The extensions above are pretty much install-and-forget items. There is one other extension that I don't want to live without, but you might not care about its features, and its features are pretty complicated and pretty powerful. It's called Tab Mix Plus, and it lets you have very fine granular control over the Firefox "tabbed browsing" feature, which is a huge wonderful fantastic thing for me. It might not be your cup of tea. But if you get used to tabbed browsing, and want to control some of the features, then Tab Mix Plus is the answer. The "Undo Close Tabs" feature is worth a fortune alone.

Okay, so now that you've got firefox, the best extensions to get are:

- Adblock, which blocks ads and popups to a greater degree than what's already built into firefox.

- The filterset.g updater for adblock.

- Plain Old Favorites, which places your IE favorites menu onto Firefox's menu bar, so that you don't have to convert all of your IE favorites over.


Y'know, I've been running the Google popup blocker for about a year now, and it seems to be doing an outstanding job. I almost never see popups. Your advice about getting FireFox was so good, however, that I'll certainly give Adblock a try.

My FireFox installation did a quite acceptable job of bringing my IE favorites over.
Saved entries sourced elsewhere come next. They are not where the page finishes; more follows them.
Theorem theorem13 (F : finFieldType) (L : fieldExtType F)
  (m l k N : nat) (r : 'I_m -> nat)
  (Hm : (0 < m)%N) (Hl : (0 < l)%N) (Hr : forall i, (0 < r i)%N)
  (Hk : (0 < k)%N) (HN : (0 < N)%N)
  (HdimL : \dim (fullv : {vspace L}) = N)
  (Hlk : (l <= k)%N) (Hkml : (k <= m * l)%N) (HNml : (m * l <= N)%N)
  (Gt : 'M[L]_(k, m * l)) (HGt : MRD_gen Gt)
  (Ms : forall i : 'I_m, 'M[F]_(l, l + r i))
  (HMs : forall i, MDS_code (Ms i) l) :
  is_PMDS (Gt *m map_mx (in_alg L) (blockdiag_mx Ms)).
Proof.
have Gt_free : row_free Gt by rewrite /row_free HGt.1.
have Ms_free i : row_free (Ms i) by rewrite /row_free (HMs i).1.
have -> : blockdiag_mx Ms = blockdiag Ms by [].
split.
- by rewrite mxrankMfree ?row_free_map ?row_free_blockdiag ?HGt.1.
- have : (m <= \sum_i r i)%N by rewrite -[m in (m <= _)%N]card_ord -sum1_card leq_sum.
  by rewrite big_split sum_const_ord /=; lia.
- move=> i; rewrite map_blockdiag mulmx_blockdiag mxrowK.
  apply: MDS_code_mulmx_colsub_free; rewrite ?row_free_map //.
    rewrite submxrow_castmx; apply: mxrank_colsub_min_hweight Hlk => //.
      exact: MRD_gen_min_hweight.
    exact: inj_comp (@cast_ord_inj _ _ _) (@Rank_inj _ _ _).
  by move=> g g_inj; rewrite -map_mxsub row_free_map; apply: colsub_free_MDS_code.
- move=> f f_inj; rewrite map_blockdiag punct_mx_mulmx_blockdiag.
  pose D := castmx (erefl, sum_const_ord m l)
    (blockdiag (fun i => colsub (f i) (Ms i))).
  have -> : castmx (erefl, sum_const_ord m l)
      (blockdiag (fun i => colsub (f i) (map_mx (in_alg L) (Ms i))))
    = map_mx (in_alg L) D.
    rewrite map_castmx map_blockdiag; congr castmx.
    by apply: eq_blockdiag => i; rewrite map_mxsub.
  apply: MDS_code_MRD_gen_mulmx => //.
  rewrite row_free_castmx_col row_free_blockdiag // => i.
  exact: colsub_free_MDS_code.
Qed.
(* Let $\mathcal N=(G,\beta,r)$ be a potential-based flow network with $G=(V,A)$, let $T^+,T^-\subseteq V$ be disjoint, $T=T^+\cup T^-$, and let $b\in B(T)$. Let $f$ be a potential-based $b$-transshipment with corresponding node potentials $\pi\in[0,\bar\pi]^V$, where $\bar\pi>0$. Then for every $X\subseteq T$ with $b(X)\ge0$ there is a potential-based $b'$-transshipment $f'$ in $\mathcal N$, for some balanced $b'\in\mathbb{R}^V$, with corresponding potentials $\pi'\in[0,\bar\pi]^V$, such that $$\{v: b'_v>0\}\subseteq T^+\cap X,\qquad \{v:b'_v<0\}\subseteq T^-\setminus X,\qquad \sum_{v\in T^+\cap X}b'_v=b(X).$$
   Context: A potential-based flow network $\mathcal N=(G,\beta,r)$ consists of a weakly connected directed multigraph $G=(V,A)$ without loops, resistances $\beta\in\mathbb{R}^A_{>0}$ and a degree $r>0$. For a balanced vector $b\in\mathbb{R}^V$ ($\sum_v b_v=0$), a potential-based $b$-transshipment is a flow $f\in\mathbb{R}^A$ together with potentials $\pi\in\mathbb{R}^V$ such that $\pi_u-\pi_v=\beta_a\,\mathrm{sign}(f_a)|f_a|^r$ for every arc $a=(u,v)$ and $\sum_{a\in\delta^+(v)}f_a-\sum_{a\in\delta^-(v)}f_a=b_v$ for all $v\in V$ ($\delta^+(v)$, $\delta^-(v)$: arcs leaving, resp. entering, $v$). $B(T)$ is the set of balanced $b\in\mathbb{R}^V$ with $b_v\ge0$ for $v\in T^+$, $b_v\le0$ for $v\in T^-$, and $b_v=0$ for $v\notin T$. For $X\subseteq T$, $b(X)=\sum_{v\in X}b_v$. *)

From HB Require Import structures.
From mathcomp Require Import all_boot all_order all_algebra.
From mathcomp Require Import reals exp.
Set Implicit Arguments. Unset Strict Implicit. Unset Printing Implicit Defensive.
Import Order.TTheory GRing.Theory Num.Theory.
Local Open Scope ring_scope.

Section Net.
Variables (R : realType) (V A : finType) (tl hd : A -> V).

Definition und_adj : rel V :=
  fun x y => [exists a : A, ((tl a == x) && (hd a == y)) || ((tl a == y) && (hd a == x))].
Definition weakly_connected : Prop := forall u v : V, connect und_adj u v.
Definition loopless : Prop := forall a : A, tl a != hd a.

Definition pb_network (beta : A -> R) (r : R) : Prop :=
  [/\ weakly_connected, loopless, (forall a, 0 < beta a) & 0 < r].

Definition balanced (b : V -> R) : Prop := \sum_(v : V) b v = 0.

Definition netout (f : A -> R) (v : V) : R :=
  \sum_(a : A | tl a == v) f a - \sum_(a : A | hd a == v) f a.

Definition pb_transshipment (beta : A -> R) (r : R) (b : V -> R)
    (f : A -> R) (pi : V -> R) : Prop :=
  (forall a : A, pi (tl a) - pi (hd a) = beta a * Num.sg (f a) * powR `|f a| r) /\
  (forall v : V, netout f v = b v).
A little tweaking to put them into appropriate folders and the order I wanted, and I am quite happy with them the way they are.

As always, your advice is appreciated.

tanstaafl.

My FireFox seems to be quite impatient (as in a second or two) when it comes to waiting for DNS to resolve an address (my ADSL router is probably a bit lazy about that). I quite often get that page suggesting I had mistyped the URL, but clicking on "retry" sorts the things out.

So, is there a way to specify longer DNS lookup timeout?

Thanks!

It probably has more to do with your DNS server and its timeout, unfortunately. I can't seem to find anything to support this at the moment, but I remember that if BIND times out on getting a response from a remote DNS server, it sends a response to its client that the hostname does not exist. Meanwhile, it finally receives and caches the information about the initially requested hostname, so that when you try again, it immediately sends the correct response. It might be possible to configure Firefox to ask the DNS server more times than it currently does, but I'm not aware of any such option.

Edit: Okay, I found it now. BIND 8 and earlier fail to do a "query restart" when they encounter a glueless record during a recursive lookup. That is, if they look to see the correct nameserver for your request, and the response they get for that has that nameserver's name but not IP address, then it drops the initial query and tries to look up the nameserver's IP. That means that your client has to ask again, and this is probably what you're seeing. The DNS server never responds to your initial request, so your browser has to ask again.